* Exercise *
Please take the lines from the one holding "Proof. intro x. unfold prodG, setI." through the one holding "Hypothesis htheta : right_action" in the data below and copy them exactly.

Record extracts: Begin

(* Let $P$ be a right LCM semigroup with identity and let $\vartheta$ be a right action of $P$ on a group $G$ by identity-preserving endomorphisms. Then the right semidirect product $P{}_\vartheta\!\ltimes G$ is a right LCM semigroup such that $J(P)\cong J(P{}_\vartheta\!\ltimes G)$ (via $pP\mapsto (pP)\times G$, $\emptyset\mapsto\emptyset$) and $(P{}_\vartheta\!\ltimes G)^*=P^*{}_\vartheta\!\ltimes G$. Moreover, $P{}_\vartheta\!\ltimes G$ is cancellative if and only if $P$ is cancellative and every $\vartheta_p$, $p\in P$, is injective.
   Context: A right LCM semigroup is a left cancellative semigroup $P$ with identity $e$ such that for all $p,q\in P$ either $pP\cap qP=\emptyset$ or $pP\cap qP=rP$ for some $r\in P$; $J(P)=\{pP:p\in P\}\cup\{\emptyset\}$ is its semilattice of principal right ideals (under intersection) and $P^*$ its group of invertible elements. A right action of $P$ on $G$ is a unital semigroup antihomomorphism $\vartheta:P\to\operatorname{End}G$, i.e. $\vartheta_e=\mathrm{id}$ and $\vartheta_p\vartheta_q=\vartheta_{qp}$. The right semidirect product $P{}_\vartheta\!\ltimes G$ is the set $P\times G$ with multiplication $(p,g)(q,h)=(pq,\vartheta_q(g)h)$. Cancellative means both left and right cancellative. *)

Section Defs.
Context {P : Type}.

Definition seteq (X Y : P -> Prop) : Prop := forall x, X x <-> Y x.
Definition setI (X Y : P -> Prop) : P -> Prop := fun x => X x /\ Y x.
Definition set0 : P -> Prop := fun _ => False.

Definition is_monoid (mul : P -> P -> P) (e : P) : Prop :=
  (forall p q r, mul (mul p q) r = mul p (mul q r)) /\
  (forall p, mul e p = p) /\ (forall p, mul p e = p).

Definition left_cancellative (mul : P -> P -> P) : Prop :=
  forall p q r, mul p q = mul p r -> q = r.
Definition right_cancellative (mul : P -> P -> P) : Prop :=
  forall p q r, mul q p = mul r p -> q = r.
Definition cancellative (mul : P -> P -> P) : Prop :=
  left_cancellative mul /\ right_cancellative mul.

Definition rideal (mul : P -> P -> P) (p : P) : P -> Prop :=
  fun x => exists q, x = mul p q.

Definition right_LCM (mul : P -> P -> P) (e : P) : Prop :=
  is_monoid mul e /\ left_cancellative mul /\
  forall p q, seteq (setI (rideal mul p) (rideal mul q)) set0 \/
              exists r, seteq (setI (rideal mul p) (rideal mul q)) (rideal mul r).

Definition inJ (mul : P -> P -> P) (X : P -> Prop) : Prop :=
  seteq X set0 \/ exists p, seteq X (rideal mul p).

Definition is_unit (mul : P -> P -> P) (e : P) (x : P) : Prop :=
  exists y, mul x y = e /\ mul y x = e.

Definition is_group (mul : P -> P -> P) (one : P) (inv : P -> P) : Prop :=
  is_monoid mul one /\ (forall g, mul (inv g) g = one) /\ (forall g, mul g (inv g) = one).

End Defs.

Definition is_endo {G : Type} (mulG : G -> G -> G) (oneG : G) (f : G -> G) : Prop :=
  (forall g h, f (mulG g h) = mulG (f g) (f h)) /\ f oneG = oneG.

Definition injective {A B : Type} (f : A -> B) : Prop := forall x y, f x = f y -> x = y.

Definition right_action {P G : Type} (mulP : P -> P -> P) (e : P)
    (mulG : G -> G -> G) (oneG : G) (theta : P -> G -> G) : Prop :=
  (forall p, is_endo mulG oneG (theta p)) /\
  (forall g, theta e g = g) /\
  (forall p q g, theta p (theta q g) = theta (mulP q p) g).

Definition sd_mul {P G : Type} (mulP : P -> P -> P) (mulG : G -> G -> G)
    (theta : P -> G -> G) (x y : P * G) : P * G :=
  (mulP (fst x) (fst y), mulG (theta (fst y) (snd x)) (snd y)).

Definition prodG {P G : Type} (X : P -> Prop) : P * G -> Prop := fun x => X (fst x).


(* Since G is a group, the second coordinate of a right multiple (p, g)(q, h)
   = (pq, theta_q(g) h) can be made arbitrary, so the principal right ideal of
   (p, g) is pP x G.  Hence intersections of principal right ideals, and with
   them the LCM property and the semilattice J, are computed in P alone.  The
   inverse of (p, g) for a unit p is (p^-1, theta_(p^-1)(g)^-1), and
   (left/right) cancellation splits into cancellation in each coordinate,
   where right cancellation in the second coordinate amounts to injectivity
   of theta_p. *)

Section Group.
Local Set Implicit Arguments.
Variables (G : Type) (mulG : G -> G -> G) (oneG : G) (invG : G -> G).
Hypothesis hG : is_group mulG oneG invG.

Lemma group_cancel_l g h k : mulG g h = mulG g k -> h = k.
Proof.
  destruct hG as [[A [L _]] [IL _]]. intro H.
  rewrite <- (L h), <- (L k), <- (IL g), !A, H. reflexivity.
Qed.

Lemma group_cancel_r g h k : mulG h g = mulG k g -> h = k.
Proof.
  destruct hG as [[A [_ R]] [_ IR]]. intro H.
  rewrite <- (R h), <- (R k), <- (IR g), <- !A, H. reflexivity.
Qed.

Lemma endo_inv (f : G -> G) : is_endo mulG oneG f -> forall g, f (invG g) = invG (f g).
Proof.
  destruct hG as [_ [IL _]]. intros [fM f1] g.
  apply group_cancel_r with (g := f g). rewrite <- fM, !IL. exact f1.
Qed.

End Group.

Section SetsTimesG.
Variables (P G : Type).

Lemma prodG_setI (X Y : P -> Prop) :
  seteq (@prodG P G (setI X Y)) (setI (prodG X) (prodG Y)).
Proof. intro x. unfold prodG, setI. tauto. Qed.

Lemma prodG_set0 : seteq (@prodG P G set0) set0.
Proof. intro x. unfold prodG, set0. tauto. Qed.

Lemma prodG_seteq_inj (g : G) (X Y : P -> Prop) :
  seteq (@prodG P G X) (prodG Y) -> seteq X Y.
Proof. intros H p. exact (H (p, g)). Qed.

End SetsTimesG.

Section SemidirectProduct.
Local Set Implicit Arguments.
Variables (P G : Type) (mulP : P -> P -> P) (e : P).
Variables (mulG : G -> G -> G) (oneG : G) (invG : G -> G) (theta : P -> G -> G).
Hypothesis hG : is_group mulG oneG invG.
Hypothesis htheta : right_action mulP e mulG oneG theta.

Local Notation sd := (sd_mul mulP mulG theta).

Lemma sd_monoid : is_monoid mulP e -> is_monoid sd (e, oneG).
Proof.
  destruct hG as [[A [L R]] _]. destruct htheta as [TE [TId TC]].
  intros [PA [PL PR]]. split; [|split].
  - intros [p g] [q h] [r k]; unfold sd_mul; simpl.
    rewrite PA, (proj1 (TE r)), TC, A. reflexivity.
  - intros [p g]; unfold sd_mul; simpl. rewrite PL, (proj2 (TE p)), L. reflexivity.
  - intros [p g]; unfold sd_mul; simpl. rewrite PR, TId, R. reflexivity.
Qed.

Lemma sd_left_cancellative : left_cancellative mulP -> left_cancellative sd.
Proof.
  intros PLC [p g] [q h] [r k]; unfold sd_mul; simpl. intro E.
  injection E as E1 E2. apply PLC in E1. subst r.
  apply (group_cancel_l hG) in E2. subst k. reflexivity.
Qed.

Lemma sd_right_cancellative_iff :
  right_cancellative sd <-> right_cancellative mulP /\ forall p, injective (theta p).
Proof.
  split.
  - intro RC. split.
    + intros p q r E.
      assert (H : sd (q, oneG) (p, oneG) = sd (r, oneG) (p, oneG)).
      { unfold sd_mul; simpl. rewrite E. reflexivity. }
      apply RC in H. injection H as H. exact H.
    + intros p g k E.
      assert (H : sd (p, g) (p, oneG) = sd (p, k) (p, oneG)).
      { unfold sd_mul; simpl. rewrite E. reflexivity. }
      apply RC in H. injection H as H. exact H.
  - intros [PRC TI] [p g] [q h] [r k]; unfold sd_mul; simpl. intro E.
    injection E as E1 E2. apply PRC in E1. subst r.
    apply (group_cancel_r hG), TI in E2. subst k. reflexivity.
Qed.

Lemma rideal_sd (p : P) (g : G) : seteq (rideal sd (p, g)) (prodG (rideal mulP p)).
Proof.
  destruct hG as [[A [L _]] [_ IR]].
  intros [x k]; unfold prodG, rideal, sd_mul; simpl; split.
  - intros [[q h] E]. injection E as E _. exists q. exact E.
  - intros [q E]. subst x. exists (q, mulG (invG (theta q g)) k).
    simpl. rewrite <- A, IR, L. reflexivity.
Qed.

Lemma rideal_sd_setI (p q : P) (g h : G) :
  seteq (setI (rideal sd (p, g)) (rideal sd (q, h)))
        (prodG (setI (rideal mulP p) (rideal mulP q))).
Proof.
  intro x. pose proof (rideal_sd p g x). pose proof (rideal_sd q h x).
  unfold setI, prodG in *. tauto.
Qed.

Lemma sd_right_LCM : right_LCM mulP e -> right_LCM sd (e, oneG).
Proof.
  intros [PM [PLC PLCM]]. split; [|split].
  - exact (sd_monoid PM).
  - exact (sd_left_cancellative PLC).
  - intros [p g] [q h]. pose proof (rideal_sd_setI p q g h) as I.
    destruct (PLCM p q) as [H | [r H]]; [left | right; exists (r, oneG)];
      intros [x k]; specialize (I (x, k)); specialize (H x).
    + unfold set0, prodG in *. tauto.
    + pose proof (rideal_sd r oneG (x, k)). unfold prodG in *. tauto.
Qed.

Lemma inJ_prodG_rideal (p : P) : inJ sd (prodG (rideal mulP p)).
Proof.
  right. exists (p, oneG). intro x. pose proof (rideal_sd p oneG x). tauto.
Qed.

Lemma inJ_sd_prodG (Y : P * G -> Prop) :
  inJ sd Y -> exists X, inJ mulP X /\ seteq Y (prodG X).
Proof.
  intros [H | [[p g] H]].
  - exists set0. split; [left; intro; tauto|]. intro x. exact (H x).
  - exists (rideal mulP p). split; [right; exists p; intro; tauto|].
    intro x. pose proof (H x). pose proof (rideal_sd p g x). tauto.
Qed.

Lemma sd_unit (x : P * G) : is_unit sd (e, oneG) x <-> is_unit mulP e (fst x).
Proof.
  destruct x as [p g]; simpl. split.
  - intros [[q h] [E1 E2]]. unfold sd_mul in *; simpl in *.
    injection E1 as F1 _. injection E2 as F2 _. exists q. split; assumption.
  - destruct htheta as [TE [TId TC]]. destruct hG as [_ [IL IR]].
    intros [q [E1 E2]]. exists (q, invG (theta q g)).
    unfold sd_mul; simpl. rewrite E1, E2, IR. split; [reflexivity|].
    rewrite (endo_inv hG (TE p)), TC, E2, TId, IL. reflexivity.
Qed.

End SemidirectProduct.

Theorem mainTheorem18 (P G : Type) (mulP : P -> P -> P) (e : P)
  (mulG : G -> G -> G) (oneG : G) (invG : G -> G) (theta : P -> G -> G)
  (hP : right_LCM mulP e) (hG : is_group mulG oneG invG)
  (htheta : right_action mulP e mulG oneG theta) :
  (* P x_theta G is a right LCM semigroup with identity (e, 1) *)
  right_LCM (sd_mul mulP mulG theta) (e, oneG) /\
  (* J(P) ~ J(P x_theta G) via X |-> X x G (pP |-> pP x G, empty |-> empty) *)
  ((forall p : P, inJ (sd_mul mulP mulG theta) (@prodG P G (rideal mulP p))) /\
   seteq (@prodG P G set0) set0 /\
   (forall Y, inJ (sd_mul mulP mulG theta) Y ->
      exists X, inJ mulP X /\ seteq Y (@prodG P G X)) /\
   (forall X Y, inJ mulP X -> inJ mulP Y ->
      seteq (@prodG P G X) (@prodG P G Y) -> seteq X Y) /\
   (forall X Y : P -> Prop,
      seteq (@prodG P G (setI X Y)) (setI (@prodG P G X) (@prodG P G Y)))) /\
  (* (P x_theta G)^* = P^* x_theta G *)
  (forall (x : P * G), is_unit (sd_mul mulP mulG theta) (e, oneG) x <->
                       is_unit mulP e (fst x)) /\
  (* cancellativity *)
  (cancellative (sd_mul mulP mulG theta) <->
   (cancellative mulP /\ forall p, injective (theta p))).
Proof.
  assert (PLC : left_cancellative mulP) by apply hP.
  split; [|split; [|split]].
  - exact (sd_right_LCM hG htheta hP).
  - split; [|split; [|split; [|split]]].
    + exact (inJ_prodG_rideal mulP theta hG).
    + exact (prodG_set0 P G).
    + exact (inJ_sd_prodG hG).
    + intros X Y _ _. exact (prodG_seteq_inj P G oneG X Y).
    + exact (prodG_setI P G).
  - exact (sd_unit hG htheta).
  - pose proof (sd_left_cancellative (theta := theta) hG PLC).
    pose proof (sd_right_cancellative_iff mulP theta hG).
    unfold cancellative. tauto.
Qed.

Record extracts: End

* Answer below *
Proof. intro x. unfold prodG, setI. tauto. Qed.

Lemma prodG_set0 : seteq (@prodG P G set0) set0.
Proof. intro x. unfold prodG, set0. tauto. Qed.

Lemma prodG_seteq_inj (g : G) (X Y : P -> Prop) :
  seteq (@prodG P G X) (prodG Y) -> seteq X Y.
Proof. intros H p. exact (H (p, g)). Qed.

End SetsTimesG.

Section SemidirectProduct.
Local Set Implicit Arguments.
Variables (P G : Type) (mulP : P -> P -> P) (e : P).
Variables (mulG : G -> G -> G) (oneG : G) (invG : G -> G) (theta : P -> G -> G).
Hypothesis hG : is_group mulG oneG invG.
Hypothesis htheta : right_action mulP e mulG oneG theta.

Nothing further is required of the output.